Leon on URLs
tl;dr: Leon thinks about URLs entirely too much.
So my favourite part of SEO has always been putting site structures in order.
Yes, I know. It's probably the least important part of the SEO trinity. However, unlike the infinite gluttons Sir Content and Lord Linkage, website structure is something that - in theory at least - can be done perfectly.
I like things that can be done perfectly.
So, in an effort to say something about SEO that I haven't read elsewhere a million times, I'm going to braindump for a bit regarding the way I think about website structure, and specifically the many things that the word can mean. "Website" is entirely too vague a term when one is trying to fully map and understand a client's presence on the internet.
(Note that I am not talking about something as nebulous as a "brand", or the susurruss of tweets and buzzes that is seen as an extension of any more static property these days. I'm speaking purely of the cloud of accessible URLs that the client's server makes available to the greater network.)
Ideally, I'll then be able to pick bits out of this and expand on them in a more formal manner; but no sense wasting the intermediate stages.
What can "website" mean?
LET US ASK THE CLIENT
- The content my organization is making publically available.
- The page-sized topical chunks that the content is divided up into.
- Set C1, the nice clean URLs that each of those chunks mapped to when we were laying the site out on paper three years ago.
- Set C2, which is Set C1 plus all the various sitemaps, auxilary category pages, bother-a-friend forms, braille translations and goofy Flash microsites that have accumulated since three years ago.
- Set C3, which is an XML sitemap containing most of Set 1 and half of Set 2, which no-one has updated since Bob left in February.
- Set C4, which is a list that Manager Dan uses for his reporting.
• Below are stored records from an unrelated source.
(* Let $H$ be a graded, connected, free and cofree Hopf algebra over $K$, with $\mathfrak g=\mathrm{Prim}(H)$. Then for all $n\ge1$, $\dim(\mathfrak g_n)=\dim\big(\big(\frac{H^+}{H^{+2}}\big)_n\big)$.
   Context: $K$ is a commutative field of characteristic $\neq2$. A graded connected Hopf algebra is a Hopf algebra $H=\bigoplus_{n\ge0}H_n$ over $K$ with homogeneous structure maps, $H_0=K$ and every $H_n$ finite-dimensional. $H^+=\bigoplus_{n\ge1}H_n$, $H^{+2}$ is the span of products of two elements of $H^+$, $\mathfrak g_n=\mathfrak g\cap H_n$. $H$ is free if there is a graded subspace $V$ with $T(V)\to H$ an algebra isomorphism; cofree if it is isomorphic as a graded coalgebra to $coT(W)$ ($T(W)$ with deconcatenation coproduct) for some graded $W$ with $W_0=0$. *)

(* Graded connected Hopf algebras over a field K, described
   in coordinates: H_n = K^(d n) with basis indexed by 'I_(d n); the basis of
   H = (+)_n H_n is indexed by  bidx d = {n : nat & 'I_(d n)}  (tag = degree).
   An element of (the completion of) H is a function  bidx d -> K ; H itself is
   the subset of finitely supported such functions.  Tensors H (x) H are
   functions  bidx d -> bidx d -> K, triple tensors take three arguments. *)
From HB Require Import structures.
From mathcomp Require Import all_boot all_order all_algebra.
Set Implicit Arguments. Unset Strict Implicit. Unset Printing Implicit Defensive.
Import Order.TTheory GRing.Theory Num.Theory.
Local Open Scope ring_scope.

Definition bidx (d : nat -> nat) := {n : nat & 'I_(d n)}.
Definition bdeg (d : nat -> nat) (b : bidx d) : nat := tag b.

Definition sumle (K : fieldType) (d : nat -> nat) (n : nat) (F : bidx d -> K) : K :=
  \sum_(p < n.+1) \sum_(i < d p) F (existT (fun k => 'I_(d k)) (nat_of_ord p) i).

Record hopf_data (K : fieldType) := HopfData {
  hdim : nat -> nat;
  hmul : bidx hdim -> bidx hdim -> bidx hdim -> K;     (* coeff of c in a*b *)
  hunit : bidx hdim -> K;
  hcomul : bidx hdim -> bidx hdim -> bidx hdim -> K;   (* coeff of a(x)b in Delta c *)
  hcounit : bidx hdim -> K
}.
Arguments hdim {K} h _.
Arguments hmul {K} h _ _ _.
Arguments hunit {K} h _.
Arguments hcomul {K} h _ _ _.
Arguments hcounit {K} h _.

Section Ops.
Variables (K : fieldType) (H : hopf_data K).
Local Notation d := (hdim H).
Local Notation B := (bidx d).
Definition elt := B -> K.
Definition tens2 := B -> B -> K.
Definition tens3 := B -> B -> B -> K.

Definition finsupp (x : elt) : Prop := exists N : nat, forall b : B, (N < bdeg b)%N -> x b = 0.
Definition homog (n : nat) (x : elt) : Prop := forall b : B, bdeg b != n -> x b = 0.

Definition mulH (x y : elt) : elt := fun c =>
  sumle (bdeg c) (fun a => sumle (bdeg c) (fun b => x a * y b * hmul H a b c)).
Definition oneH : elt := hunit H.
Definition comulH (x : elt) : tens2 := fun a b =>
  sumle (bdeg a + bdeg b) (fun c => x c * hcomul H c a b).
Definition counitH (x : elt) : K := sumle 0 (fun u => x u * hcounit H u).
Definition tens (x y : elt) : tens2 := fun a b => x a * y b.
Definition addH (x y : elt) : elt := fun b => x b + y b.

Definition comul_l (T : tens2) : tens3 := fun a b c =>
  sumle (bdeg a + bdeg b) (fun f => T f c * hcomul H f a b).
Definition comul_r (T : tens2) : tens3 := fun a b c =>
  sumle (bdeg b + bdeg c) (fun f => T a f * hcomul H f b c).
Definition counit_l (T : tens2) : elt := fun b => sumle 0 (fun u => hcounit H u * T u b).
Definition counit_r (T : tens2) : elt := fun a => sumle 0 (fun u => T a u * hcounit H u).
Definition mulT (T U : tens2) : tens2 := fun a b =>
  sumle (bdeg a) (fun a1 => sumle (bdeg a) (fun b1 =>
  sumle (bdeg b) (fun a2 => sumle (bdeg b) (fun b2 =>
    T a1 a2 * U b1 b2 * hmul H a1 b1 a * hmul H a2 b2 b)))).

(* linear endomorphism S of H given by coefficients S a b (coeff of b in S a) *)
Definition applyS (S : B -> B -> K) (x : elt) : elt := fun b =>
  sumle (bdeg b) (fun a => x a * S a b).
Definition conv_Sid (S : B -> B -> K) (x : elt) : elt := fun c =>
  sumle (bdeg c) (fun a => sumle (bdeg c) (fun b =>
    (sumle (bdeg c) (fun a' => comulH x a' b * S a' a)) * hmul H a b c)).
Definition conv_idS (S : B -> B -> K) (x : elt) : elt := fun c =>
  sumle (bdeg c) (fun a => sumle (bdeg c) (fun b =>
    (sumle (bdeg c) (fun b' => comulH x a b' * S b' b)) * hmul H a b c)).

Definition is_graded_connected_hopf : Prop :=
  (forall a b c : B, hmul H a b c != 0 -> bdeg c = (bdeg a + bdeg b)%N) /\
  (forall a b c : B, hcomul H c a b != 0 -> bdeg c = (bdeg a + bdeg b)%N) /\
  (forall u : B, hunit H u != 0 -> bdeg u = 0%N) /\
  (forall u : B, hcounit H u != 0 -> bdeg u = 0%N) /\
  (d 0 = 1%N) /\
  (forall x y z, finsupp x -> finsupp y -> finsupp z ->
     mulH (mulH x y) z = mulH x (mulH y z)) /\
  (forall x, finsupp x -> mulH oneH x = x /\ mulH x oneH = x) /\
  (forall x, finsupp x -> comul_l (comulH x) = comul_r (comulH x)) /\
  (forall x, finsupp x -> counit_l (comulH x) = x /\ counit_r (comulH x) = x) /\
  (forall x y, finsupp x -> finsupp y ->
     comulH (mulH x y) = mulT (comulH x) (comulH y)) /\
  (forall x y, finsupp x -> finsupp y ->
     counitH (mulH x y) = counitH x * counitH y) /\
  (comulH oneH = tens oneH oneH) /\ (counitH oneH = 1) /\
  (exists S : B -> B -> K,
    (forall a b : B, S a b != 0 -> bdeg a = bdeg b) /\
    (forall x, finsupp x ->
       conv_Sid S x = (fun c => counitH x * oneH c) /\
       conv_idS S x = (fun c => counitH x * oneH c))).

Definition in_Hplus (x : elt) : Prop := finsupp x /\ forall b : B, bdeg b = 0%N -> x b = 0.
Definition in_Hplus2 (z : elt) : Prop :=
  exists (k : nat) (x y : 'I_k -> elt),
    (forall i, in_Hplus (x i) /\ in_Hplus (y i)) /\
    z = (fun b => \sum_(i < k) mulH (x i) (y i) b).

Definition primitive (x : elt) : Prop :=
  finsupp x /\ comulH x = (fun a b => x a * oneH b + oneH a * x b).

Definition embed (n : nat) (v : 'rV[K]_(d n)) : elt := fun b =>
  if bdeg b == n then
    match (insub (nat_of_ord (tagged b)) : option 'I_(d n)) with
    | Some j => v ord0 j
    | None => 0
    end
  else 0.

Definition letter (e : nat -> nat) := {n : nat & 'I_(e n)}.
Definition wdeg (e : nat -> nat) (w : seq (letter e)) : nat := sumn [seq tag l | l <- w].

Definition words_basis (e : nat -> nat) (phi : seq (letter e) -> elt) : Prop :=
  (forall (ws : seq (seq (letter e))) (c : seq (letter e) -> K), uniq ws ->
     (fun b => \sum_(w <- ws) c w * phi w b) = (fun _ => 0) ->
     forall w, w \in ws -> c w = 0) /\
  (forall x, finsupp x -> exists (ws : seq (seq (letter e))) (c : seq (letter e) -> K),
     x = (fun b => \sum_(w <- ws) c w * phi w b)).

(* free: H = T(V) for a graded subspace V (V_0 = 0 necessarily) with homogeneous
   basis gen; the algebra map T(V) -> H sends the word basis of T(V) to monomials *)
Definition monomial (e : nat -> nat) (gen : letter e -> elt) (w : seq (letter e)) : elt :=
  foldr (fun l acc => mulH (gen l) acc) oneH w.
Definition is_free : Prop :=
  exists (e : nat -> nat) (gen : letter e -> elt),
    e 0 = 0%N /\ (forall l, homog (tag l) (gen l)) /\ words_basis (monomial gen).

(* cofree: graded coalgebra isomorphism coT(W) -> H, W graded with W_0 = 0 and
   homogeneous basis the letters; coT(W) has basis the words, with
   deconcatenation coproduct and counit eps(w) = [w == nil] *)
Definition is_cofree : Prop :=
  exists (e : nat -> nat) (phi : seq (letter e) -> elt),
    [/\ e 0 = 0%N,
        (forall w, homog (wdeg w) (phi w)),
        words_basis phi,
        (forall w, comulH (phi w) =
           (fun a b => \sum_(j < (size w).+1) phi (take j w) a * phi (drop j w) b)) &
        (forall w, counitH (phi w) = (w == [::])%:R)].

End Ops.

(* If H = T(V) is free on homogeneous generators, then in positive degree H^{+2} is spanned
   by the monomials of length at least 2, so (H^+/H^{+2})_n has dimension the number of
   generators of degree n.  If H = coT(W) is cofree, a primitive element has no component on
   words of length at least 2, since the deconcatenation coproduct isolates the coefficient of
   such a word w = l w' on the tensor l (x) w'; so dim g_n is the number of letters of W of
   degree n.  In both cases dim H_n counts the words of degree n, and
   #words(n) = sum_k #letters(k) #words(n - k) determines the number of letters of each degree
   recursively; hence dim V_n = dim W_n. *)

From HB Require Import structures.
From mathcomp Require Import all_boot all_order all_algebra.
From mathcomp Require Import zify ring.
From Stdlib Require Import FunctionalExtensionality.
Set Implicit Arguments. Unset Strict Implicit. Unset Printing Implicit Defensive.
Import GRing.Theory.
Local Open Scope ring_scope.

Lemma big_pred1_seq (R : Type) (idx : R) (op : Monoid.law idx) (T : eqType)
    (s : seq T) (x : T) (F : T -> R) :
  uniq s -> x \in s -> \big[op/idx]_(y <- s | y == x) F y = F x.
Proof. by move=> s_uniq s_x; rewrite -big_filter (filter_pred1_uniq s_uniq s_x) big_seq1. Qed.

Lemma eq_take_drop (T : Type) (s t : seq T) i j : (i <= size s)%N -> (j <= size t)%N ->
  take i s = take j t -> drop i s = drop j t -> i = j /\ s = t.
Proof.
move=> i_le j_le eq_take eq_drop; split.
  by rewrite -(size_takel i_le) -(size_takel j_le) eq_take.
by rewrite -(cat_take_drop i s) -(cat_take_drop j t) eq_take eq_drop.
Qed.

Section Words.
Variable e : nat -> nat.

Definition letters_upto (n : nat) : seq (letter e) :=
  [seq (existT (fun k => 'I_(e k)) k i : letter e) | k <- iota 1 n, i <- enum 'I_(e k)].

(* Words of degree [n] in letters of positive degree; the fuel [f >= n] bounds their length. *)
Fixpoint words_fuel (f n : nat) : seq (seq (letter e)) :=
  if n is 0 then [:: [::]] else
  if f is f'.+1 then [seq l :: w | l <- letters_upto n, w <- words_fuel f' (n - tag l)]
  else [::].

Definition words n := words_fuel n n.

Definition positive_word (w : seq (letter e)) := all (fun l : letter e => 0 < tag l)%N w.

Definition length1 (w : seq (letter e)) := size w == 1%N.

Lemma mem_letters_upto n l : (l \in letters_upto n) = (0 < tag l <= n)%N.
Proof.
apply/allpairsPdep/idP.
  by move=> [k [i [+ _ ->]]]; rewrite mem_iota /= add1n ltnS.
case: l => k i /= Hk; exists k, i; split => //.
  by rewrite mem_iota add1n ltnS.
by rewrite mem_enum.
Qed.

Lemma uniq_letters_upto n : uniq (letters_upto n).
Proof.
apply: allpairs_uniq_dep; first exact: iota_uniq.
  by move=> k _; exact: enum_uniq.
by move=> [k i] [k' i'] _ _.
Qed.

Lemma mem_words_fuel f n w : (n <= f)%N ->
  (w \in words_fuel f n) = (wdeg w == n) && positive_word w.
Proof.
elim: f n w => [|f IH] [|n] w //=;
  try by move=> _; rewrite inE; case: w => //= -[[|k] i] w; rewrite /wdeg /= ?andbF.
move=> le_nf; apply/allpairsPdep/idP.
  move=> [[k i] [w' [+ + ->]]]; rewrite mem_letters_upto /= => /andP [k_gt0 k_le].
  rewrite IH; last by lia.
  move=> /andP [/eqP w'_deg w'_pos]; rewrite /= k_gt0 w'_pos /wdeg /= -/(wdeg w') w'_deg.
  by rewrite subnKC ?eqxx.
case: w => [|[k i] w]; first by rewrite /wdeg.
rewrite /wdeg /= -/(wdeg w) => /andP [/eqP w_deg /andP [k_gt0 w_pos]].
exists (existT _ k i), w; split => //.
  by rewrite mem_letters_upto k_gt0 -w_deg leq_addr.
rewrite IH -w_deg ?addKn ?eqxx //=; lia.
Qed.

Lemma uniq_words_fuel f n : uniq (words_fuel f n).
Proof.
elim: f n => [|f IH] [|n] //=.
apply: allpairs_uniq_dep; first exact: uniq_letters_upto.
  by move=> l _; exact: IH.
by move=> [l w] [l' w'] _ _ /= [-> ->].
Qed.

Lemma mem_words n w : (w \in words n) = (wdeg w == n) && positive_word w.
Proof. exact: mem_words_fuel. Qed.

Lemma uniq_words n : uniq (words n).
Proof. exact: uniq_words_fuel. Qed.

Lemma nil_notin_words n : (0 < n)%N -> [::] \notin words n.
Proof. by rewrite mem_words /wdeg /= andbT eq_sym -lt0n. Qed.

Lemma size_words_fuel f n : (n <= f)%N -> size (words_fuel f n) = size (words n).
Proof.
move=> le_nf; apply/perm_size/uniq_perm; rewrite ?uniq_words_fuel // => w.
by rewrite mem_words mem_words_fuel.
Qed.

Lemma size_words_rec n : (0 < n)%N ->
  size (words n) = (\sum_(k <- iota 1 n) e k * size (words (n - k)))%N.
Proof.
case: n => // n _; rewrite {1}/words /= size_allpairs_dep sumnE big_map.
rewrite /letters_upto big_allpairs_dep; apply: eq_big_seq => k.
rewrite mem_iota add1n ltnS => /andP [k_gt0 k_le] /=.
rewrite size_words_fuel; last by lia.
by rewrite big_const_seq /= count_predT size_enum_ord iter_addn_0 mulnC.
Qed.

Section NoDegreeZeroLetters.
Hypothesis e0 : e 0 = 0%N.

Lemma positive_wordT w : positive_word w.
Proof.
elim: w => //= -[[|k] i] w -> //=.
by have := ltn_ord i; move: (nat_of_ord i); rewrite e0.
Qed.

Lemma tag_letter_gt0 (l : letter e) : (0 < tag l)%N.
Proof. by have := positive_wordT [:: l]; rewrite /positive_word /= andbT. Qed.

Lemma wdeg_gt0 (w : seq (letter e)) : w != [::] -> (0 < wdeg w)%N.
Proof.
by case: w (positive_wordT w) => // -[k i] w /andP [k_gt0 _] _; rewrite /wdeg /= addn_gt0 k_gt0.
Qed.

Lemma mem_wordsE n w : (w \in words n) = (wdeg w == n).
Proof. by rewrite mem_words positive_wordT andbT. Qed.

Lemma count_length1_words n : (0 < n)%N ->
  count length1 (words n) = e n.
Proof.
move=> n_gt0; rewrite -size_filter -[e n]size_enum_ord.
rewrite -(size_map (fun i => [:: existT (fun k => 'I_(e k)) n i])).
apply/perm_size/uniq_perm.
- exact/filter_uniq/uniq_words.
- rewrite map_inj_uniq ?enum_uniq // => i j [] /(congr1 (tagged_as (existT _ n i))).
  by rewrite !tagged_asE.
move=> w; rewrite mem_filter mem_wordsE /length1; apply/andP/mapP.
  case: w => [|[k i] [|l w]] [] //= _; rewrite /wdeg /= addn0 => /eqP Ek; subst k.
  by exists i; rewrite ?mem_enum.
by move=> [i _ ->]; rewrite /wdeg /= addn0.
Qed.

End NoDegreeZeroLetters.

End Words.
It contains some of the above plus some entirely new ones, and none know its secret origins.
LET US ASK THE SERVER
- The set of HTML pages stored on my hard disk.
- Set S1, the set of URLs that will be returned by the "list all pages" feature of my CMS. (If we're lucky, Bob used this to make his XML sitemap.)
- Set S2, which is any permutation of S1 that has caused the server to return content (including random capitalisation, HTTPS, session IDs, etc - basically the log files. Let's hope Bob didn't use this.)
- Set S3, the set of all servable URLs - all permutations that would cause the server to return content with a 200 code. (This gets large. Especially if you haven't set up your 404 pages correctly).
LET US ASK THE USER-AGENT
- Set U1, any URLs I can reach from the main navigation.
- Set U2, the set of URLs I can reach via any walk through the site (i.e. the formally crawlable URLs. Yes, including those links to last year's expired offers that you forgot to take down.)
- Set U3, U2 plus any URLs that are only reachable from outside the site; offer landing pages, white-labelled interfaces, any page that uses URL parameter input to generate titles or visible content, etc.
So we have a resource; content. The web server allows that resource to be mapped onto URLs; but due to the complexity of the systems used, it's usually a messy mapping. This is the first discontinuity, allowing great opportunities for you and your client to talk past each other in reports, tracking and troubleshooting while still using the same word "website".
But we've forgotten something.
YEA, LET US EVEN ASK THE CUSTOMERS
- The set of pages found by the sum of all our searches.
...yeah. which brings us to Google. (Mentally insert "and other search engines" as often as you feel required).
The second discontinuity is between the server and Google. Google is in the position of building a model of a model; reconstructing your website based on what it can see down the little holes of your URLs, so that it can then try and get back the original sense of the content.
Therefore, it tries to use as many angles as it can to find stuff; walking the links within the site, following links from outside, removing parameters to see if it can explain its observations by postulating fewer pages - even reading Bob's XML sitemap, god help it.
However, it can only do this by working backwards from its understanding of what a neat and tidy website ought to be; which means that it has to assume - to some degree - that your URLs are a good model for the underlying site. If your URL model does something sufficiently boneheaded (such as linking to the same content under three different URLs in the same navigation menu) you're going to throw it.
When dealing with simple projects, these subtleties don't seem worth explicit attention. However, if you get involved in projects to rationalise huge dynamic sites, I would strongly advise developing conventions to talk about different kinds of "website".
On reviewing this article, I find that it badly needs diagrams. I'll see if I can get on that soon.